Work task => Filter the entries for the word "ubar". Copy each line that has it.

── Data for review

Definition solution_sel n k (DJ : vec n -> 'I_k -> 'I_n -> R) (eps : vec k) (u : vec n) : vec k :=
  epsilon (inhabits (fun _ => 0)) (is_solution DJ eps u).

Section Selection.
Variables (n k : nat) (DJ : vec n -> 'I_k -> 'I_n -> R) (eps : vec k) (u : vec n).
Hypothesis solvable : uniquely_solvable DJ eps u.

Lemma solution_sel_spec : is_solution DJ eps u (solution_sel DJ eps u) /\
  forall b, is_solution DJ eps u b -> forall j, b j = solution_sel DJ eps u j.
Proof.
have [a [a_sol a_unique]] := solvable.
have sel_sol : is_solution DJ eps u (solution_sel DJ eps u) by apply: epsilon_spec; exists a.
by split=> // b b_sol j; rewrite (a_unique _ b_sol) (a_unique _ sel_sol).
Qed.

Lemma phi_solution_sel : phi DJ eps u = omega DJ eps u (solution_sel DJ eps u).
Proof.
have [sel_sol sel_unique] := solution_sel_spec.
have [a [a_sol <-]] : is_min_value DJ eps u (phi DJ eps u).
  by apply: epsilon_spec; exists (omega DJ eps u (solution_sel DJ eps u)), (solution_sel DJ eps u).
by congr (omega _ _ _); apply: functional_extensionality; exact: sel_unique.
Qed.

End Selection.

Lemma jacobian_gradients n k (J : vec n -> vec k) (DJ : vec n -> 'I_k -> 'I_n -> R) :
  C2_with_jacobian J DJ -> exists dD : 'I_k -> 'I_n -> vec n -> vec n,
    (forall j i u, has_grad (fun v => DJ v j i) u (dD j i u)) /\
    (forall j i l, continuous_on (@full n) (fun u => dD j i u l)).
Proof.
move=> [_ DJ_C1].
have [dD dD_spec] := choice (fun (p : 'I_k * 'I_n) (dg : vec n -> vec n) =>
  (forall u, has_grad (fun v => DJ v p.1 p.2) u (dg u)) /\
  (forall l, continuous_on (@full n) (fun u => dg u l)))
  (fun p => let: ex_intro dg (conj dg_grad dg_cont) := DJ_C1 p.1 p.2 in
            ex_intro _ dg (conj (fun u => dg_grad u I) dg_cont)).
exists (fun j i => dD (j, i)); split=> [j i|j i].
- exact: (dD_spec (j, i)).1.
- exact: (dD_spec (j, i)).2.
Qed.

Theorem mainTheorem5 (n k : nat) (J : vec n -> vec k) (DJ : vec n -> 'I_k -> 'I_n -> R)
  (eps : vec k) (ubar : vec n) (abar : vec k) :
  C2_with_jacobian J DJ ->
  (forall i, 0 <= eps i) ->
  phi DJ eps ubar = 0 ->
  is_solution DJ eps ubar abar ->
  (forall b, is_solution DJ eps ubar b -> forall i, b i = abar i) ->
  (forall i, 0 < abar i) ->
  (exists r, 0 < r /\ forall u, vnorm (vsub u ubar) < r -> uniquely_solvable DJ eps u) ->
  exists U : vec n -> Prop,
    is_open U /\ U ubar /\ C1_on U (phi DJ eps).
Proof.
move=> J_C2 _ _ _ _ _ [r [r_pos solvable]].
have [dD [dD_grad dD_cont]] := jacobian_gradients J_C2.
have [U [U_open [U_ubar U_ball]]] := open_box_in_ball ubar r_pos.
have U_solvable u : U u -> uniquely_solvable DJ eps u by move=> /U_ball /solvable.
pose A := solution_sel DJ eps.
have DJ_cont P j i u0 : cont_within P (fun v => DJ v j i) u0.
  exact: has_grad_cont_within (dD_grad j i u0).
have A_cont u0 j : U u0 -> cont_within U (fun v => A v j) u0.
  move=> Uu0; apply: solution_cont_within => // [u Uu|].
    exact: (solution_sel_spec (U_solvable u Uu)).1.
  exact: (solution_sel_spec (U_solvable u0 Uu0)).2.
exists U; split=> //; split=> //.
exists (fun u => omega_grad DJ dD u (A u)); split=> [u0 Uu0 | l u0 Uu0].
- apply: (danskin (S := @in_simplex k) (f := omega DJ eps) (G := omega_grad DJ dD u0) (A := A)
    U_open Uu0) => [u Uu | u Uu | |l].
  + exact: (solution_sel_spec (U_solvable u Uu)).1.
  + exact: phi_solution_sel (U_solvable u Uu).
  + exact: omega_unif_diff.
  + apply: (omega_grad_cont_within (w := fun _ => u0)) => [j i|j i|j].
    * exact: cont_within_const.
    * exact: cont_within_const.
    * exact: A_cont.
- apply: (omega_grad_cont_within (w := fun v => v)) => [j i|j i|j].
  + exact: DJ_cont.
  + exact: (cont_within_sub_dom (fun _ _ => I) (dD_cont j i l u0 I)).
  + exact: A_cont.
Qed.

────
── Data for review

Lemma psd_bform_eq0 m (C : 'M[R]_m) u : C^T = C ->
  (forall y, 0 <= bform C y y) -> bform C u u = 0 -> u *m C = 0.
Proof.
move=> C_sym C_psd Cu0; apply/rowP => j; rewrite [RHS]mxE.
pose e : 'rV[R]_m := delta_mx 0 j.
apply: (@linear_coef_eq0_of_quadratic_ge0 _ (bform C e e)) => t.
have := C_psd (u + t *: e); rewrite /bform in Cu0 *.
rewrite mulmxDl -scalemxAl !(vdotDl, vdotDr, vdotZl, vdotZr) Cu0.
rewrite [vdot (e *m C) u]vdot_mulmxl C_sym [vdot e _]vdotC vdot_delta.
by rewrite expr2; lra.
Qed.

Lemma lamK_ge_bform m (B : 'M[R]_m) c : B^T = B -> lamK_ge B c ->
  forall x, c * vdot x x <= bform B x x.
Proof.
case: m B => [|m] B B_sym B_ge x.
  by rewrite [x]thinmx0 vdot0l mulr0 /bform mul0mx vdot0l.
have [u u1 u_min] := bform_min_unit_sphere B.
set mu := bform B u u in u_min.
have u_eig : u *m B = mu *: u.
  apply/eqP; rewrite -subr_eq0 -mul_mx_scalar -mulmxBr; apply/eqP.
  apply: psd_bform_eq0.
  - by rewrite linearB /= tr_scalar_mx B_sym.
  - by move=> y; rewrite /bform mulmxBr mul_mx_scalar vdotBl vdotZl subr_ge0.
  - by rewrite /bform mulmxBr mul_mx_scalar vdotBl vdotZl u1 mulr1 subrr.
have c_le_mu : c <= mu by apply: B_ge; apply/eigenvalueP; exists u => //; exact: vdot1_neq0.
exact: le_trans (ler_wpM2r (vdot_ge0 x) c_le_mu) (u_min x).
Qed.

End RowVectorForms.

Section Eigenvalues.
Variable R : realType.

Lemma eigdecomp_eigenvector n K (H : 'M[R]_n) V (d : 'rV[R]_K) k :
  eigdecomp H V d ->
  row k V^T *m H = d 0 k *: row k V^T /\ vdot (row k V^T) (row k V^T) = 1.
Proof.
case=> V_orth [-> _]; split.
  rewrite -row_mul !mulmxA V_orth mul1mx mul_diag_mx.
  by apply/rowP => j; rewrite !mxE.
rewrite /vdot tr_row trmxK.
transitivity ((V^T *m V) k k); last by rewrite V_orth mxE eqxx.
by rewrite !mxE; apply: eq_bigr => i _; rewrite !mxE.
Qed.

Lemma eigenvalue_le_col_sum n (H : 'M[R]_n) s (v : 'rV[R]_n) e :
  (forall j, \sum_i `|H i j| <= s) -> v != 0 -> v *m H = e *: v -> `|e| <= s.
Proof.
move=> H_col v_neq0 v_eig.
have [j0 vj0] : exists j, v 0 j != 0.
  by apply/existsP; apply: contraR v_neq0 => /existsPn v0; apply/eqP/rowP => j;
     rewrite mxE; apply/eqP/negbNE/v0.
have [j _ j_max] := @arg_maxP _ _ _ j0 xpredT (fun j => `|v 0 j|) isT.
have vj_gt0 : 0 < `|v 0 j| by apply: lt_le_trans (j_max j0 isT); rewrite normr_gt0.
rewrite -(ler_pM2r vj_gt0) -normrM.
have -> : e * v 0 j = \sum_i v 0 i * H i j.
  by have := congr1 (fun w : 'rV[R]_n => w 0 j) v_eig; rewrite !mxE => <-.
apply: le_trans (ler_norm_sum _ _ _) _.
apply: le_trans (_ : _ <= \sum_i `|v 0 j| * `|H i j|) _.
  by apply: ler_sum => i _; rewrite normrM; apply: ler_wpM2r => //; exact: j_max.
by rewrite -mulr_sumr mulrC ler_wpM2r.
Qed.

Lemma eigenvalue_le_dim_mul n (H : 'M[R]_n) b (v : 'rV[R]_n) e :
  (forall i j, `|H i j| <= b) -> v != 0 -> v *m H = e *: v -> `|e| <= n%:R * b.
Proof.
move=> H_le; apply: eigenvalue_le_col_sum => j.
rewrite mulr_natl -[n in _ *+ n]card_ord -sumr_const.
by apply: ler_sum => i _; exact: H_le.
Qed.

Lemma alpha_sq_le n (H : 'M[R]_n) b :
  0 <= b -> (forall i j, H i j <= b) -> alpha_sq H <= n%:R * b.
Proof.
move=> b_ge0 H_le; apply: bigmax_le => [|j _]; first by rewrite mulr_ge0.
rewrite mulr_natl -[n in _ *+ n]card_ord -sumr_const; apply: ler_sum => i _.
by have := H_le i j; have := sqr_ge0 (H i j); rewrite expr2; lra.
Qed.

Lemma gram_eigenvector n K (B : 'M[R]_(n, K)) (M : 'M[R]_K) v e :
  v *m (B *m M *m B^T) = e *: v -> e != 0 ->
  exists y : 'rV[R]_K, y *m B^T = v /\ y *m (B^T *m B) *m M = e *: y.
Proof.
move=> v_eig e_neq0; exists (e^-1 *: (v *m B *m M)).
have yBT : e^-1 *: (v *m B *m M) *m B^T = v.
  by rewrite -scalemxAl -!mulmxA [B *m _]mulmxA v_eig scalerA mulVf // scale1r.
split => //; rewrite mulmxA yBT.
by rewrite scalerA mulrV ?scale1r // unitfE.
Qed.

────
── Data for review

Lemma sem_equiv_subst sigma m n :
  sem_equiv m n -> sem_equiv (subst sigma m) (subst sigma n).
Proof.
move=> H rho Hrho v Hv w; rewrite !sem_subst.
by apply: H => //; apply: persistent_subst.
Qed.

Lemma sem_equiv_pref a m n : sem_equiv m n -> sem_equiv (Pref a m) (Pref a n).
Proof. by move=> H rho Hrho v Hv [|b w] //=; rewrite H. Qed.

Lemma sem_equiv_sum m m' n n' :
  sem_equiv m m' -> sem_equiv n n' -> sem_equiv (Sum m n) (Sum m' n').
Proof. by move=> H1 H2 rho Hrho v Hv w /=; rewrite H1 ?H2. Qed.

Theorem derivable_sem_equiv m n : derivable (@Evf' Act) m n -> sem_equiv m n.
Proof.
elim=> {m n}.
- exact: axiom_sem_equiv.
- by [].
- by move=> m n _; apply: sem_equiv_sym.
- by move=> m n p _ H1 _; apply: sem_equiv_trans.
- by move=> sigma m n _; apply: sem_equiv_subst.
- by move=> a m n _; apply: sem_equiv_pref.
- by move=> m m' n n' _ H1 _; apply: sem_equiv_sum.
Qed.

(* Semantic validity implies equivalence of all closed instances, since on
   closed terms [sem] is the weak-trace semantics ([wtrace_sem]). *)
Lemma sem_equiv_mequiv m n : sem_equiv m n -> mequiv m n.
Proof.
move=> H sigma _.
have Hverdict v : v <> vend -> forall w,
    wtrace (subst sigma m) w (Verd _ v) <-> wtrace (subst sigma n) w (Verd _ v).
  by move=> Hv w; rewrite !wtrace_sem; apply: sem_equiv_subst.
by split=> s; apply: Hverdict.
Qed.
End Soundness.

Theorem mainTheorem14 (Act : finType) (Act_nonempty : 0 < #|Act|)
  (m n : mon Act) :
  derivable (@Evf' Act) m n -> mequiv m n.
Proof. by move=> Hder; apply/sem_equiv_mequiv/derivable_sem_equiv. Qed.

────

Written response =>
  (eps : vec k) (ubar : vec n) (abar : vec k) :
  phi DJ eps ubar = 0 ->
  is_solution DJ eps ubar abar ->
  (forall b, is_solution DJ eps ubar b -> forall i, b i = abar i) ->
  (exists r, 0 < r /\ forall u, vnorm (vsub u ubar) < r -> uniquely_solvable DJ eps u) ->
    is_open U /\ U ubar /\ C1_on U (phi DJ eps).
have [U [U_open [U_ubar U_ball]]] := open_box_in_ball ubar r_pos.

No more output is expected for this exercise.